INSTRUCTIONS TO FOLLOW:
Read through the records below and copy each line that uses the word "asboolP".
----- SOURCE RECORDS
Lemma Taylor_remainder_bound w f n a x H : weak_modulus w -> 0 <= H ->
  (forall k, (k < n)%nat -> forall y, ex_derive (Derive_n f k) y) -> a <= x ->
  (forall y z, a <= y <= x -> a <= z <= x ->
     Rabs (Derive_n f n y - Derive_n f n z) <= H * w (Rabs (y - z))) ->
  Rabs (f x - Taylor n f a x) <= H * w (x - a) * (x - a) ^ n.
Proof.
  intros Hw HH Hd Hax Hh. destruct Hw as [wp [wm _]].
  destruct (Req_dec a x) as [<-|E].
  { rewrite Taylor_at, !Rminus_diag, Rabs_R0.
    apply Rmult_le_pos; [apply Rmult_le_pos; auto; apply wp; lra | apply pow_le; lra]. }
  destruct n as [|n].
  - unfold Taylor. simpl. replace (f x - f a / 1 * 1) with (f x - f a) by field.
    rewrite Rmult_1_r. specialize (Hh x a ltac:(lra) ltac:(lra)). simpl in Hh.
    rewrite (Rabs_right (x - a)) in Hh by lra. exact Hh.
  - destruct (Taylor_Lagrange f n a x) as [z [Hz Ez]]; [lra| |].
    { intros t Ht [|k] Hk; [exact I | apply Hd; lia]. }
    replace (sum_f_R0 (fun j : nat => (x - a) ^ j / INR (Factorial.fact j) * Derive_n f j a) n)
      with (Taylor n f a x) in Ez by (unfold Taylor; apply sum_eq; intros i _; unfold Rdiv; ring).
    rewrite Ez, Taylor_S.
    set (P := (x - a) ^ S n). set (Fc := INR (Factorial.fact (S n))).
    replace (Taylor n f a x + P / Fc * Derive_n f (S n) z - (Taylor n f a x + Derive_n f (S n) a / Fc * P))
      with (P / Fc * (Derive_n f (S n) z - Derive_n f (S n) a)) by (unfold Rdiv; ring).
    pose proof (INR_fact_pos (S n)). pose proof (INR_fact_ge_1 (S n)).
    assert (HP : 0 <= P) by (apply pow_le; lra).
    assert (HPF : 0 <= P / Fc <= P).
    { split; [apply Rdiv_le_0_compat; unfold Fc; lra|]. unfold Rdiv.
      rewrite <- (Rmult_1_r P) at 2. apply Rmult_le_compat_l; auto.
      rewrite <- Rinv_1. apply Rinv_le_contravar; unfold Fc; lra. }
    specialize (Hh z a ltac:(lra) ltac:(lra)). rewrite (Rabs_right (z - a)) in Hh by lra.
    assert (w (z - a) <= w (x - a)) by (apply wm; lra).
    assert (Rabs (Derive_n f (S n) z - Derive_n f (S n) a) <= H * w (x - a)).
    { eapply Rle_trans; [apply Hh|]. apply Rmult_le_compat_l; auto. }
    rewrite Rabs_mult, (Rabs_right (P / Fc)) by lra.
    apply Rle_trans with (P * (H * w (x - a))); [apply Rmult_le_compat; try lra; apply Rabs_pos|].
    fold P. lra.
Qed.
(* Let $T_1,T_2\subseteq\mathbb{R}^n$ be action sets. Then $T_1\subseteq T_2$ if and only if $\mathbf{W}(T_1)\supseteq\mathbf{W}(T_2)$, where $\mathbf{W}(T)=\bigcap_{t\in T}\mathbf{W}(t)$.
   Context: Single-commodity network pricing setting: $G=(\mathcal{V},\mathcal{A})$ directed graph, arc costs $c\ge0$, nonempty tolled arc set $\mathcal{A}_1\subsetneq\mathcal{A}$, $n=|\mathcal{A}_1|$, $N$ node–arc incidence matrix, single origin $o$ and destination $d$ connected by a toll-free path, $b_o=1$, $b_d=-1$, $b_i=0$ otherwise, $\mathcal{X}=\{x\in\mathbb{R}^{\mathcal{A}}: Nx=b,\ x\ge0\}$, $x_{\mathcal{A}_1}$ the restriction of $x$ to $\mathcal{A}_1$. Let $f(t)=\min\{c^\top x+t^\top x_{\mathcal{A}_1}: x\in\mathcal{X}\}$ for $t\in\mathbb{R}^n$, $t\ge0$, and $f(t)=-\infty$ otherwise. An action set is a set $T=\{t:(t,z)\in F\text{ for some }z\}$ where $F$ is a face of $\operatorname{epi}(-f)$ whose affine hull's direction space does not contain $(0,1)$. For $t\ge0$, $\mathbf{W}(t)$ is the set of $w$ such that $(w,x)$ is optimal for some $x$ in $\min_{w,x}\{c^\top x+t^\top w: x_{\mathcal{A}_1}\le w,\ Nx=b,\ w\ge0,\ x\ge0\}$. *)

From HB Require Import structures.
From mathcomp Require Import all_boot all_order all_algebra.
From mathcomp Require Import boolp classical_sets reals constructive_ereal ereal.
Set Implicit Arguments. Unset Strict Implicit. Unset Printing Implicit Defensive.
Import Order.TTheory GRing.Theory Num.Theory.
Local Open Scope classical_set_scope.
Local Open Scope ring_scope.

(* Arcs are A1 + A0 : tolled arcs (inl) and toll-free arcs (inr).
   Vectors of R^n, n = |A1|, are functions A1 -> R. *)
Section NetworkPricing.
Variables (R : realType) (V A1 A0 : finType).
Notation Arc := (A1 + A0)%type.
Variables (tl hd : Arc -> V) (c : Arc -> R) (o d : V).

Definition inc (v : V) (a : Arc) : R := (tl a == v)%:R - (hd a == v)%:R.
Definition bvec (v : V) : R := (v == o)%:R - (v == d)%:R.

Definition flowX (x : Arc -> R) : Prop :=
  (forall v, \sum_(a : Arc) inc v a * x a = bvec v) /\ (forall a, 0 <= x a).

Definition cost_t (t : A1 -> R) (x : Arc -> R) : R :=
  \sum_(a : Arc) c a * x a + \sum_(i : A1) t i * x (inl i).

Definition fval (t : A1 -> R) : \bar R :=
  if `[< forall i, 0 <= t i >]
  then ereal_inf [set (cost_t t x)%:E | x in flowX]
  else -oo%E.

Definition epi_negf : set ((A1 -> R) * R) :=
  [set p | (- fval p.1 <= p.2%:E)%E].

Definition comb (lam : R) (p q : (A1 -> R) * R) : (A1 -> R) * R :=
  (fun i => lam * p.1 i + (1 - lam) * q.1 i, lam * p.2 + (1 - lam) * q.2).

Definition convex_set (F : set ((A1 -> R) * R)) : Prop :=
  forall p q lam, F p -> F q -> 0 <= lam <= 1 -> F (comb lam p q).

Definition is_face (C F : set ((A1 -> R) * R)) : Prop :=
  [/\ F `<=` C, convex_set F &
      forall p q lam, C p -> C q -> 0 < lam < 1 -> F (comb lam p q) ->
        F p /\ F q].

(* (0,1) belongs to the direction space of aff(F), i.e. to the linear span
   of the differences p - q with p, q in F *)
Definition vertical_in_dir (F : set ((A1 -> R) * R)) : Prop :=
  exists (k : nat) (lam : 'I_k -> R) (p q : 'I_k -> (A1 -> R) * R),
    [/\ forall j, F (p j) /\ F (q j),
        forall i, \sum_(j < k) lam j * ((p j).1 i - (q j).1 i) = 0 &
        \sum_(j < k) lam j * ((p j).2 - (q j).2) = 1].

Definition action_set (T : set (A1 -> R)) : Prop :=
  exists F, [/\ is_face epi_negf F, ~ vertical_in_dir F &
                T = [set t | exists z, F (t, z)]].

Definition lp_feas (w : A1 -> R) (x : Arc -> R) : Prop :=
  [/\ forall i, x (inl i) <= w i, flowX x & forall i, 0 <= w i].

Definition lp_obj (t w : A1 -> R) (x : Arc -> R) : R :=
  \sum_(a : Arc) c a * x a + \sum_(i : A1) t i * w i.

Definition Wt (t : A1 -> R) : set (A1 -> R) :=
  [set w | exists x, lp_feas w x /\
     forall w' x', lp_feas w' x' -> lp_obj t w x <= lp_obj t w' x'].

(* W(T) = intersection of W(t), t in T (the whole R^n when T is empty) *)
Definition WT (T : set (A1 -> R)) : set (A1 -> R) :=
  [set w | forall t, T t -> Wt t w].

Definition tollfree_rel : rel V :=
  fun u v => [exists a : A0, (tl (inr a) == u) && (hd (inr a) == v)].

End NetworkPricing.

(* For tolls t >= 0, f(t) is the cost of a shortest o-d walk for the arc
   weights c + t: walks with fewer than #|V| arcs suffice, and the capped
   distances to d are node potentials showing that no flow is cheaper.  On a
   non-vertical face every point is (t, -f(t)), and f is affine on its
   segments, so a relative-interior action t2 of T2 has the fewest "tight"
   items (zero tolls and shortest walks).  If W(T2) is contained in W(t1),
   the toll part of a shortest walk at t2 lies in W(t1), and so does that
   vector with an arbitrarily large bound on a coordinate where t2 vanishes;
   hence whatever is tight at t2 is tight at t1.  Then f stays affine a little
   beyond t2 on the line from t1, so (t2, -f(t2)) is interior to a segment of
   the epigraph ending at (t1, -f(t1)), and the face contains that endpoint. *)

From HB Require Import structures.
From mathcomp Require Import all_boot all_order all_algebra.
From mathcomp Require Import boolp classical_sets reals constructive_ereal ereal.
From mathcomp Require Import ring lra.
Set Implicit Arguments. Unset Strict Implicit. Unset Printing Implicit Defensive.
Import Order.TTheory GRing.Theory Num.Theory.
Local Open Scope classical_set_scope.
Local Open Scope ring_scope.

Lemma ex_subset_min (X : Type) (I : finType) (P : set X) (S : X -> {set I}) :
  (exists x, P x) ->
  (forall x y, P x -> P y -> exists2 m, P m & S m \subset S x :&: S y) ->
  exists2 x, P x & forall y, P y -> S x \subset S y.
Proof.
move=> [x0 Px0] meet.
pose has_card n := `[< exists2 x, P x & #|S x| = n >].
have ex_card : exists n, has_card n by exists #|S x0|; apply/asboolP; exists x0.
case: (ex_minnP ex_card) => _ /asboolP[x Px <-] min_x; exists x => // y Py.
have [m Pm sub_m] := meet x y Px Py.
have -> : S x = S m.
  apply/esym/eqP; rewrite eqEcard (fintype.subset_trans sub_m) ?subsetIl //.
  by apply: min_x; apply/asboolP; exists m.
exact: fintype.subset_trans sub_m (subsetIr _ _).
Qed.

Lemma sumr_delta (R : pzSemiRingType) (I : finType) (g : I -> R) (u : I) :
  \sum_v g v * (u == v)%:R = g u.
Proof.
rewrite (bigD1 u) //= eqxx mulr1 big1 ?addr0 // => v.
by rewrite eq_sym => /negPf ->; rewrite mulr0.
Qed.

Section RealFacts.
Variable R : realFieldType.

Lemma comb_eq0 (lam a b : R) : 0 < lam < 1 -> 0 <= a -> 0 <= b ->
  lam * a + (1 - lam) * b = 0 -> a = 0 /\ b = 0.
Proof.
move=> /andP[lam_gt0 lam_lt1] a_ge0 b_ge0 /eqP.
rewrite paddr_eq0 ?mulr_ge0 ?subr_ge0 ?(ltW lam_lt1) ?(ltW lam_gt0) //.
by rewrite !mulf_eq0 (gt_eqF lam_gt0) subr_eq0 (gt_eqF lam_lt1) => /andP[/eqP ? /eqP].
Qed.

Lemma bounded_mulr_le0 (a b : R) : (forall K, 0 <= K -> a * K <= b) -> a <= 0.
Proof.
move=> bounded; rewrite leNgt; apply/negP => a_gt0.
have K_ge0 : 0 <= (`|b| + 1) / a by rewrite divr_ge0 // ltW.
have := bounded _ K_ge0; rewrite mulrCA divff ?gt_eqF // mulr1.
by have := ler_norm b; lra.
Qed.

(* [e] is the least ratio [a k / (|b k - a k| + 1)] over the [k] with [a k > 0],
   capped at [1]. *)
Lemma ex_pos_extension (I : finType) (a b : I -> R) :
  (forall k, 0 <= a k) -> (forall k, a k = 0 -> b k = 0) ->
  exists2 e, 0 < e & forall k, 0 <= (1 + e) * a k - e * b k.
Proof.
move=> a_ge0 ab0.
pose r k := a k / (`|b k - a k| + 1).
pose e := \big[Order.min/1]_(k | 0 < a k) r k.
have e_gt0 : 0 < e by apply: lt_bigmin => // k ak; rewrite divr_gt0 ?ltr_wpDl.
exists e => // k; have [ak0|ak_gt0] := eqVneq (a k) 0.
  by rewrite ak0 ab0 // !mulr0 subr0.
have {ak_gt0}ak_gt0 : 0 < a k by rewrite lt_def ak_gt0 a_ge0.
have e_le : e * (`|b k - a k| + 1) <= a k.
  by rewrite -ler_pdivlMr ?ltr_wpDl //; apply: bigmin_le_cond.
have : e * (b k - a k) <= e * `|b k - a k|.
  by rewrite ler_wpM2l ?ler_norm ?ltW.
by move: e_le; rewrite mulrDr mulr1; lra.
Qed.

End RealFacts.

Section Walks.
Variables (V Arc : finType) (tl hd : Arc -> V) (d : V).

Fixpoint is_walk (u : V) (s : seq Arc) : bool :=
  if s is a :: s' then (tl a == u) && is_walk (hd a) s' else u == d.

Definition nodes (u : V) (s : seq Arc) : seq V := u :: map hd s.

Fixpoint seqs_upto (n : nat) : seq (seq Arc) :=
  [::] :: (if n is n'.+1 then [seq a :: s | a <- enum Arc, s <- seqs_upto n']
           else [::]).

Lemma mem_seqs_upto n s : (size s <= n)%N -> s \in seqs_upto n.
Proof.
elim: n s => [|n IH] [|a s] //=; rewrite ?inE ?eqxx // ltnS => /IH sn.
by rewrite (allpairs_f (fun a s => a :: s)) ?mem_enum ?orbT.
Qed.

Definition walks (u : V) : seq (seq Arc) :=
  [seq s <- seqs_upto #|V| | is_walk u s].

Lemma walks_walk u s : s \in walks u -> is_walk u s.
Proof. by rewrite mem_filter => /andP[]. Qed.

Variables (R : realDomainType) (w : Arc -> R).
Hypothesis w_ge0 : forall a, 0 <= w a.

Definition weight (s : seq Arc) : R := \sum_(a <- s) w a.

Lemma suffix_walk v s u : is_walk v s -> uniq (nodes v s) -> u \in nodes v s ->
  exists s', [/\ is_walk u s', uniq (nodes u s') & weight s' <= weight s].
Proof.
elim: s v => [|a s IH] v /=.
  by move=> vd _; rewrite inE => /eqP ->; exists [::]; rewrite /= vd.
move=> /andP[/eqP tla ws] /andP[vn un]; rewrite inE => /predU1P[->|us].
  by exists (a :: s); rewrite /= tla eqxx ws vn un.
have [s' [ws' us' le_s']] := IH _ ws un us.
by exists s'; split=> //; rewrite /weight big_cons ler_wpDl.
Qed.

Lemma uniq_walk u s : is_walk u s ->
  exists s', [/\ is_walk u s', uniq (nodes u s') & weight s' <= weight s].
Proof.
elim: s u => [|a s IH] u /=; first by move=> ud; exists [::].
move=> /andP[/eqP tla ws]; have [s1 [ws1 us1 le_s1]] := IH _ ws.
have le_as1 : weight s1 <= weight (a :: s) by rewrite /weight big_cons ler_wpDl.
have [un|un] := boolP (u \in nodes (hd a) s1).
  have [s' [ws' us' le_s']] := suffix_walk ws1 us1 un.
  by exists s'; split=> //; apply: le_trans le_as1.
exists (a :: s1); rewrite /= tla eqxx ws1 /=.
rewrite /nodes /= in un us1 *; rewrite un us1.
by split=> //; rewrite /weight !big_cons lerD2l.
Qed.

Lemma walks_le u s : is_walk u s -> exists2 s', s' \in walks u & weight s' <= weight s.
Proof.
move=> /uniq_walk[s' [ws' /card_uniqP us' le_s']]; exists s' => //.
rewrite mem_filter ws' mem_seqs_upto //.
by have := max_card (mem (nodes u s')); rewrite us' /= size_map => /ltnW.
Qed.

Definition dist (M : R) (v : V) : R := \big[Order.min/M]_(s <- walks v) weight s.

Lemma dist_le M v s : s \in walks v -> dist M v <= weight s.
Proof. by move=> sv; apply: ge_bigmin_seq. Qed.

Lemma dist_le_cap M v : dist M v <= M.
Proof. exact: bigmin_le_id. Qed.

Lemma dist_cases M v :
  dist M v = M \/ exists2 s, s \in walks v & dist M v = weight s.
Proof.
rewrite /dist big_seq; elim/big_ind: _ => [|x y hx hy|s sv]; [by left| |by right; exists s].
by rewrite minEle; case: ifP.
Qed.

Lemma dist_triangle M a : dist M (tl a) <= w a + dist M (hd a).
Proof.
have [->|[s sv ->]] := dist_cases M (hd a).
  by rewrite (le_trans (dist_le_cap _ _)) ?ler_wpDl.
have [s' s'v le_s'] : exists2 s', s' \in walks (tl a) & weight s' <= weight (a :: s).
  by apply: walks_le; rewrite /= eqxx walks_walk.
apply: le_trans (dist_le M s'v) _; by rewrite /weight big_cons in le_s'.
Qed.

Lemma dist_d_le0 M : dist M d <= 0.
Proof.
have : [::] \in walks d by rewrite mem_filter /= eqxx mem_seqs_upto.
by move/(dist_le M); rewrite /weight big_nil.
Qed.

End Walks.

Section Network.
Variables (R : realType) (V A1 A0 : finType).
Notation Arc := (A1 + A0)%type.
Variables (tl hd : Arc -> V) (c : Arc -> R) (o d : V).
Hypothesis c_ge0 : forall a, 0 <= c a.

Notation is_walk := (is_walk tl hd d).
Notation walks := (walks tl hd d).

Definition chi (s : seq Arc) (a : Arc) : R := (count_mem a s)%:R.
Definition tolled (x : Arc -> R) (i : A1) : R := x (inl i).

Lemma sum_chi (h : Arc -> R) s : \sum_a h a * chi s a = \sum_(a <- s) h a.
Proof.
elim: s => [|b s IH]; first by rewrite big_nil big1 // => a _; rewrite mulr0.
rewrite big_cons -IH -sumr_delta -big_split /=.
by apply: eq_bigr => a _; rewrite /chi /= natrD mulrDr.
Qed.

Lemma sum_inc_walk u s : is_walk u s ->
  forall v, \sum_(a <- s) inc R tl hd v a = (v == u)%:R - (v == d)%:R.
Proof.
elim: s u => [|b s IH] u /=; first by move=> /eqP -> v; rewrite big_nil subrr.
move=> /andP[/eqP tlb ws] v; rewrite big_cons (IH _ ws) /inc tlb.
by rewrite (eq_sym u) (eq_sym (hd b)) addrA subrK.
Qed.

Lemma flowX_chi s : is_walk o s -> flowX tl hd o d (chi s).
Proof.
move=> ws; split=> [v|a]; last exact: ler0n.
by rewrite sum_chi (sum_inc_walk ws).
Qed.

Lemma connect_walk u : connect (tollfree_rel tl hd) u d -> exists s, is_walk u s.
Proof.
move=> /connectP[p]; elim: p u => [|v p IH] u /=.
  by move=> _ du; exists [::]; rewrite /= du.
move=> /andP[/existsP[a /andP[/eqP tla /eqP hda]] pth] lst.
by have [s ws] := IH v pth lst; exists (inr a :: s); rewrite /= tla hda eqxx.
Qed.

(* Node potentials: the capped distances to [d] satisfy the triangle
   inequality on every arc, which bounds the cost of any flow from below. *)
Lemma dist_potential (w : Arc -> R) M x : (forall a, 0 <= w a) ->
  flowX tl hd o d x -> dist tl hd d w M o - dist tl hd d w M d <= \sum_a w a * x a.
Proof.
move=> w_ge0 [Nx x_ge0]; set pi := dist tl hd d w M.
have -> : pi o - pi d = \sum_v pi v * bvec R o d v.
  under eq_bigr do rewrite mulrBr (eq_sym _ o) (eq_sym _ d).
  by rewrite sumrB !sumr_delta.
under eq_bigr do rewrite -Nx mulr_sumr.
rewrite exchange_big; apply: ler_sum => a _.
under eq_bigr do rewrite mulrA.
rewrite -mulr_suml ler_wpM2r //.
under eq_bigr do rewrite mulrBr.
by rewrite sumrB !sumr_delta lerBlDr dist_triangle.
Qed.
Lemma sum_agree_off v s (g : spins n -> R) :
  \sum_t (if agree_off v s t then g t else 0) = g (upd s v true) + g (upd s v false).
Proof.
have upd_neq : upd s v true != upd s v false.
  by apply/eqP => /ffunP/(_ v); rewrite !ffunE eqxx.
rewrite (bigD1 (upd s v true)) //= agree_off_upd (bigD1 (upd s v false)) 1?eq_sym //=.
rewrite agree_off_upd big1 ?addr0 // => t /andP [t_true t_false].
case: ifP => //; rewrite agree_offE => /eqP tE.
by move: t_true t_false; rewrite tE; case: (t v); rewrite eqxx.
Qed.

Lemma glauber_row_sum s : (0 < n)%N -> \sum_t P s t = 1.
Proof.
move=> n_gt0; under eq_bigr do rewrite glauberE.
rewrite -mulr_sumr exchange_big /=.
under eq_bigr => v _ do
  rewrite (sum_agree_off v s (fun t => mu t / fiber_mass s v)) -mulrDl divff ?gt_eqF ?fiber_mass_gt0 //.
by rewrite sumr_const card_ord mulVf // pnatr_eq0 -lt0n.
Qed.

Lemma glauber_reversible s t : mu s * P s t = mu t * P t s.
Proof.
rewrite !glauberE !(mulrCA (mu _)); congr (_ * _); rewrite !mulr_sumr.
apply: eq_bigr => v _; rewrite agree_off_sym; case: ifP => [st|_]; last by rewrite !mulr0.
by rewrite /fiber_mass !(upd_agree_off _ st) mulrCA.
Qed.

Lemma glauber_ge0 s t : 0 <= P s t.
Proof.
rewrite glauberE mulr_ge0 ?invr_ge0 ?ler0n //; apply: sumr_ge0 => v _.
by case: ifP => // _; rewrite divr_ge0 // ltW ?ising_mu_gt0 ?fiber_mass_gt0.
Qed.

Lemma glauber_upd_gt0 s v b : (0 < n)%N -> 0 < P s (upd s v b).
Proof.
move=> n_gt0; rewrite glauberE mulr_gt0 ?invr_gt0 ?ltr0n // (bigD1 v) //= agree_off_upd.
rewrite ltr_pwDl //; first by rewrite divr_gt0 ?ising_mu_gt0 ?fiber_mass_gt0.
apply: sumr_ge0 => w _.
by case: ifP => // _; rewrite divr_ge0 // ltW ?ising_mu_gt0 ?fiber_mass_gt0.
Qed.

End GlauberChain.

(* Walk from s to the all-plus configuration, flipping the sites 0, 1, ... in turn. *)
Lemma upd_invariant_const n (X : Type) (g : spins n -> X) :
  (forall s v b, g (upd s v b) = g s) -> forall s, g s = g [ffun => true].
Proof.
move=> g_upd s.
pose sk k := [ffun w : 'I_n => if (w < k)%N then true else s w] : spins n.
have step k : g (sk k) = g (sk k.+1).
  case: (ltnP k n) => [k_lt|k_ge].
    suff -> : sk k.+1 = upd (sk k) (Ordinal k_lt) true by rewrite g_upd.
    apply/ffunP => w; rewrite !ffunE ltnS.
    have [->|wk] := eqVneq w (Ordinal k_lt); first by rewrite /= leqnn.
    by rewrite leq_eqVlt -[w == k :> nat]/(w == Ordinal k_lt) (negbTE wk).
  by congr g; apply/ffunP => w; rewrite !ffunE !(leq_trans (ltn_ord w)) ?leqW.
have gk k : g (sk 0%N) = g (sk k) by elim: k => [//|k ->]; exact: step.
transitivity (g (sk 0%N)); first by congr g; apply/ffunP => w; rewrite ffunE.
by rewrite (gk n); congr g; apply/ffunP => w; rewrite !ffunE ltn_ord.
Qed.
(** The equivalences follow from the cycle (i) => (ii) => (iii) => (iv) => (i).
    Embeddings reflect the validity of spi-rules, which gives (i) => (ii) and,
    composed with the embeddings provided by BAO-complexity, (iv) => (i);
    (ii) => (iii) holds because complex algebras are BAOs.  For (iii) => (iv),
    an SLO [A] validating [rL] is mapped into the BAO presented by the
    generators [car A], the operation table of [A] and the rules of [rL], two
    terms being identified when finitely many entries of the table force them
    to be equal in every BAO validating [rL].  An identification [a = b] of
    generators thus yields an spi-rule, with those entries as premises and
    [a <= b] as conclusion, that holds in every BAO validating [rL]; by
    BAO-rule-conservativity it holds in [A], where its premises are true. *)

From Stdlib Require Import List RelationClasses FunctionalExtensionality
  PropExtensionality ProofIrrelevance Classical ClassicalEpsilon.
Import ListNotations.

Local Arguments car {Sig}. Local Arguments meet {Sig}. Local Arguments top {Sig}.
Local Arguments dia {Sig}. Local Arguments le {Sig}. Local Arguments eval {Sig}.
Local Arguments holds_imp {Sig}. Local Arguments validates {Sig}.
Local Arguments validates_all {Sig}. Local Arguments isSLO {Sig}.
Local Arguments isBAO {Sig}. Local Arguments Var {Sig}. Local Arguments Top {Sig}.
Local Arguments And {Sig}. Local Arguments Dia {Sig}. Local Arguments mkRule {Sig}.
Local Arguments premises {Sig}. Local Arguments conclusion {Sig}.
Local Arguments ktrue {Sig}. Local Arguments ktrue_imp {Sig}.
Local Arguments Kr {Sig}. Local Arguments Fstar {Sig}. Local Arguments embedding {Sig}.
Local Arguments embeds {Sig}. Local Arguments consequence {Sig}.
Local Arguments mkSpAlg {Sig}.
----------
SOLUTION TO THIS PROBLEM:
have ex_card : exists n, has_card n by exists #|S x0|; apply/asboolP; exists x0.
case: (ex_minnP ex_card) => _ /asboolP[x Px <-] min_x; exists x => // y Py.
  by apply: min_x; apply/asboolP; exists m.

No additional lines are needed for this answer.